> [THE PROBLEM] Report only the number of lines in this material that include "countC".

> [INFORMATION GIVEN]
+-------+

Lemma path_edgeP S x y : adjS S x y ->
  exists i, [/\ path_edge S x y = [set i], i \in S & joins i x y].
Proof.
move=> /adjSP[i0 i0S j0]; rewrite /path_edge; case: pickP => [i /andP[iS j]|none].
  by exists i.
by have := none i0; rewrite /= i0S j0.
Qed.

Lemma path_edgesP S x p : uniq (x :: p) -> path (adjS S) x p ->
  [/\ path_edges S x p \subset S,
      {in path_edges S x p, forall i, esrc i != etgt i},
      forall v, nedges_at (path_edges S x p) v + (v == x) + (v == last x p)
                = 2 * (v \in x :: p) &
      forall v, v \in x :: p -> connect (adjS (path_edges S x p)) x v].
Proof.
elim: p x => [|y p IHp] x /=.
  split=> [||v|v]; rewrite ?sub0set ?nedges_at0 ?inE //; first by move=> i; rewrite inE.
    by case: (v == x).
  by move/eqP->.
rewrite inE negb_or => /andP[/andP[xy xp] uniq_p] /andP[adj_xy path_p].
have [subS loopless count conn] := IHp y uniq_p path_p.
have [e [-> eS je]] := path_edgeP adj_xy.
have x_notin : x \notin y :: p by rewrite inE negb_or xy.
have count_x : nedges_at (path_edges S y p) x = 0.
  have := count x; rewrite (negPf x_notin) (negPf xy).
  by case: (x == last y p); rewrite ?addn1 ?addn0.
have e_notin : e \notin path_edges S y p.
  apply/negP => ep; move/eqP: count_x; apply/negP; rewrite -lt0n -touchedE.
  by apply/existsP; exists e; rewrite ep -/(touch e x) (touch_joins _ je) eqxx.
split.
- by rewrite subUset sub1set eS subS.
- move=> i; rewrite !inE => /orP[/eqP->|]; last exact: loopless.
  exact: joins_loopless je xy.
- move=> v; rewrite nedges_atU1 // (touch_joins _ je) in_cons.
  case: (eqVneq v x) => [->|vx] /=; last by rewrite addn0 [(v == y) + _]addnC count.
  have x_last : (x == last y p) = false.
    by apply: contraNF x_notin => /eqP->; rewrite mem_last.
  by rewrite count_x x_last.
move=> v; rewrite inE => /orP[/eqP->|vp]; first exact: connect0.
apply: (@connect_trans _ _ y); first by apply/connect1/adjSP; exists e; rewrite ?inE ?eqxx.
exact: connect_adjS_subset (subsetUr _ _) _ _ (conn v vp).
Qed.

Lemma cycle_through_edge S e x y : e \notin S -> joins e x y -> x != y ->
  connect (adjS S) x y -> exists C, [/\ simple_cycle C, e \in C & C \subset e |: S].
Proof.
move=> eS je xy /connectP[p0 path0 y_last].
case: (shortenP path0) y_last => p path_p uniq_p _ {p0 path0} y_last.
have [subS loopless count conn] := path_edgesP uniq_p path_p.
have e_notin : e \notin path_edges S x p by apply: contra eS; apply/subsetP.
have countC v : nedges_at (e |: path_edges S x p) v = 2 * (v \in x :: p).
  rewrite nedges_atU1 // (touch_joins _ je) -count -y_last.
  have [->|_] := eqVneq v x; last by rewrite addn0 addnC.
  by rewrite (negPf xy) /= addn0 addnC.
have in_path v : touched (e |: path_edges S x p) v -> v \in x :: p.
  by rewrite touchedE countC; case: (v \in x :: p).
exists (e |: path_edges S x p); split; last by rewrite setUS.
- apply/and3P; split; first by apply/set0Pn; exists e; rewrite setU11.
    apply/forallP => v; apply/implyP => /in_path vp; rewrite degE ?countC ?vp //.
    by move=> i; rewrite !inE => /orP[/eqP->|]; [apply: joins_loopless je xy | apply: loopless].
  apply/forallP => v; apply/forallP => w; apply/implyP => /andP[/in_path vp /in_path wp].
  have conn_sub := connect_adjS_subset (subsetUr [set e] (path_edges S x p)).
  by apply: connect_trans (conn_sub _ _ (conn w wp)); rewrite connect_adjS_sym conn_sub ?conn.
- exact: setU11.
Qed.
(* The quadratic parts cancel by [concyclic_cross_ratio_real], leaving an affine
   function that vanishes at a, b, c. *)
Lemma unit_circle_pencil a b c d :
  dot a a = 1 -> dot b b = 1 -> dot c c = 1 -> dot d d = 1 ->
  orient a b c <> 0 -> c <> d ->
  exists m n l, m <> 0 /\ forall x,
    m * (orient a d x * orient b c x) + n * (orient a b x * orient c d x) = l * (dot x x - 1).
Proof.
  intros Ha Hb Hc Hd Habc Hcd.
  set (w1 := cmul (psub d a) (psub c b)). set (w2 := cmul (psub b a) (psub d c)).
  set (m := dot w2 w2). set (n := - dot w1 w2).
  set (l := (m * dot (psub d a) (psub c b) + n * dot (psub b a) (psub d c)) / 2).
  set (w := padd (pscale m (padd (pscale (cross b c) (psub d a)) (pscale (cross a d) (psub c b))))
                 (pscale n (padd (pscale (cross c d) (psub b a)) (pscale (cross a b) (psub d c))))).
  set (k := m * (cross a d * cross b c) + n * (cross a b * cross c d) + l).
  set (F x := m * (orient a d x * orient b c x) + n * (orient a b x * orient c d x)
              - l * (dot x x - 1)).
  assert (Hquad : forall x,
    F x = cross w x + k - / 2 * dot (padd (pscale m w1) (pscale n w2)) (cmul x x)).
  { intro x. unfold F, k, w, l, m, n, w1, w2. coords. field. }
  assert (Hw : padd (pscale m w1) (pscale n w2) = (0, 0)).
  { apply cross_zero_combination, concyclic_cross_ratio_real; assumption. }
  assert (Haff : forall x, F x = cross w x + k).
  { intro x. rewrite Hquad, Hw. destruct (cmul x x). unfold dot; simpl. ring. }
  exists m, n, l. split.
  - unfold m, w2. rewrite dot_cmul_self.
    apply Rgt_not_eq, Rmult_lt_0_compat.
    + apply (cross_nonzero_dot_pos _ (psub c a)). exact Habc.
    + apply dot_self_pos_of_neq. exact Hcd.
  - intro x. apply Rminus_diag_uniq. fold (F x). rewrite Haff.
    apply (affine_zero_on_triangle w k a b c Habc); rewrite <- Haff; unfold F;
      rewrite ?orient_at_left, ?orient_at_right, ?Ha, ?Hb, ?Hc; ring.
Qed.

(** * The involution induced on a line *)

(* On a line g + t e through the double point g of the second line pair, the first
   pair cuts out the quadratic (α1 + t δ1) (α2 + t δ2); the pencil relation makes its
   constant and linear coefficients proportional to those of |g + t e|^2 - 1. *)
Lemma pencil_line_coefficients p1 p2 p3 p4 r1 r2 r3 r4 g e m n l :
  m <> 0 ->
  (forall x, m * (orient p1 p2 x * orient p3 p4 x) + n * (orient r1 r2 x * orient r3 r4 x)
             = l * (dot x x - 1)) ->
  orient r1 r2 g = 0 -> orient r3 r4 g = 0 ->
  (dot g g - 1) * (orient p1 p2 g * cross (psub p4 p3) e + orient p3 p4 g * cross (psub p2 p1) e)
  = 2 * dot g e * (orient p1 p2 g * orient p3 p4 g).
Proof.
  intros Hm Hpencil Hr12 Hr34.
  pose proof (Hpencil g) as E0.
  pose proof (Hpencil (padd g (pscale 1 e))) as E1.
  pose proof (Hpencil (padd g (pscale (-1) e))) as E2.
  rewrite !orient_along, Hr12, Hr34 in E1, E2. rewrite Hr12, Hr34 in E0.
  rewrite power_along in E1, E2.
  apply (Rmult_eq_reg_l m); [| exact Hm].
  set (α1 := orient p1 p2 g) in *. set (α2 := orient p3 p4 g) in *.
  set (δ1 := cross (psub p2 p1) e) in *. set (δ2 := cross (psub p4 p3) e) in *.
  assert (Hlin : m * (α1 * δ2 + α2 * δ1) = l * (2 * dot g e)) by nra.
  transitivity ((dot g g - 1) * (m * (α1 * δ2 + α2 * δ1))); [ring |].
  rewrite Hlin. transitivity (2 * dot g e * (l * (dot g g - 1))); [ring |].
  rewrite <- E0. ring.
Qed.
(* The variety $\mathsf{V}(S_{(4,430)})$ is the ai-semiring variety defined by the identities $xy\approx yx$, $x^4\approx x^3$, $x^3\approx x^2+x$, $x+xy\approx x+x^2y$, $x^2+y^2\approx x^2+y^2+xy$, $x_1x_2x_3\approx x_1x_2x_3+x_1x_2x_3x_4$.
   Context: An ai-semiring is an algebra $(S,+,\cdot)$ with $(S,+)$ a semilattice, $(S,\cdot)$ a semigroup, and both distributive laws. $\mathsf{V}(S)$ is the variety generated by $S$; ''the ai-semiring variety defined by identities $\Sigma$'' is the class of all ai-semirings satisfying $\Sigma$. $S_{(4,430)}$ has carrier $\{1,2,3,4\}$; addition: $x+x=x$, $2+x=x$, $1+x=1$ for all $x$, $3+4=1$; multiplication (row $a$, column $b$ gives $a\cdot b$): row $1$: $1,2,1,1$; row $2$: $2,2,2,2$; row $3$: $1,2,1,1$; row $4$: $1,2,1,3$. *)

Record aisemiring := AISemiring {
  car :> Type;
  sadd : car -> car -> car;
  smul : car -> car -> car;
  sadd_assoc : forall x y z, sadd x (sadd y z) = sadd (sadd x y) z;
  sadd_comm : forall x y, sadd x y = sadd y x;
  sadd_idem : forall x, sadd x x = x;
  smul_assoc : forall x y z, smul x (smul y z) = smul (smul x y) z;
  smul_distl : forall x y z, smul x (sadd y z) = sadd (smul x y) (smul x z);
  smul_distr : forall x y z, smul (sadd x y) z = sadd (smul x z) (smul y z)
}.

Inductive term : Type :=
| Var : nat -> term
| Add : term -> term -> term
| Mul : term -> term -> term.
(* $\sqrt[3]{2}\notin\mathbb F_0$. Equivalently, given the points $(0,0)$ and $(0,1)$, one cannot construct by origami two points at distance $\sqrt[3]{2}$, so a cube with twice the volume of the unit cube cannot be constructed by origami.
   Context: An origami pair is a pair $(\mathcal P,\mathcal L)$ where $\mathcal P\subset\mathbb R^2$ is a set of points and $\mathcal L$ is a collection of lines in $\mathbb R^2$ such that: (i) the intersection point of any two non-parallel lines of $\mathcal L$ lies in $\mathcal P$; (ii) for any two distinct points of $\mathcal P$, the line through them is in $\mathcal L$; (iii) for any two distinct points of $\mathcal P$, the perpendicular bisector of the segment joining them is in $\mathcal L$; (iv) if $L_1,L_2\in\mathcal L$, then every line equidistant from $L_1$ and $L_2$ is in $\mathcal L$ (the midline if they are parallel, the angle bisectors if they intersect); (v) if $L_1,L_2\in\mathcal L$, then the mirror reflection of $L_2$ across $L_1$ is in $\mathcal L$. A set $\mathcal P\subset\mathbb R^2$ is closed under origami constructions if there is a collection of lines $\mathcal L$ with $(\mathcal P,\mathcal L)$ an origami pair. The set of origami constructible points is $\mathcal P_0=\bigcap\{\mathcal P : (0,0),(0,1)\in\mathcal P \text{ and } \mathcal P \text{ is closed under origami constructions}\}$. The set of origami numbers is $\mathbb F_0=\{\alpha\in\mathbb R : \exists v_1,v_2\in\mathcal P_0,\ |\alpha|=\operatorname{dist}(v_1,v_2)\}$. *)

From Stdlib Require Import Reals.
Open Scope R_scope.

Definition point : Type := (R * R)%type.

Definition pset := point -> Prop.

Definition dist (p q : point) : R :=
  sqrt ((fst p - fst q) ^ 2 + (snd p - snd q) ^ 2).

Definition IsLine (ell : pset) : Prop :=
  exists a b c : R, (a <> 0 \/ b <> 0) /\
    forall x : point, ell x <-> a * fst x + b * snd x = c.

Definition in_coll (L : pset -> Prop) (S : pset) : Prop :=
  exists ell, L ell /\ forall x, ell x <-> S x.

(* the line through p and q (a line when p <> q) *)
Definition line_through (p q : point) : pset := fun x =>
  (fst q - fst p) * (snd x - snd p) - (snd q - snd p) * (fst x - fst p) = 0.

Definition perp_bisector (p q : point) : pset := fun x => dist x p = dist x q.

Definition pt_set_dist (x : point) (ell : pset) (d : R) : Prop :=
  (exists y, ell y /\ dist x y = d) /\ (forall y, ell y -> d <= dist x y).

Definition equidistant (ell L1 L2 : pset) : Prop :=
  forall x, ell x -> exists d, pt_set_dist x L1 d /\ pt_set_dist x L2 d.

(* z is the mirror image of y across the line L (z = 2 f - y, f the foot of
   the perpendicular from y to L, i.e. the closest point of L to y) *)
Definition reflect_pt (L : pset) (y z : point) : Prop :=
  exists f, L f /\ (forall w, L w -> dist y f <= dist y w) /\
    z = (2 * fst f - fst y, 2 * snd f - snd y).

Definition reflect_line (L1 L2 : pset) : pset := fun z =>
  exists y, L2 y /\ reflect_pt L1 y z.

+-------+

> [EXPECTED ANSWER] 3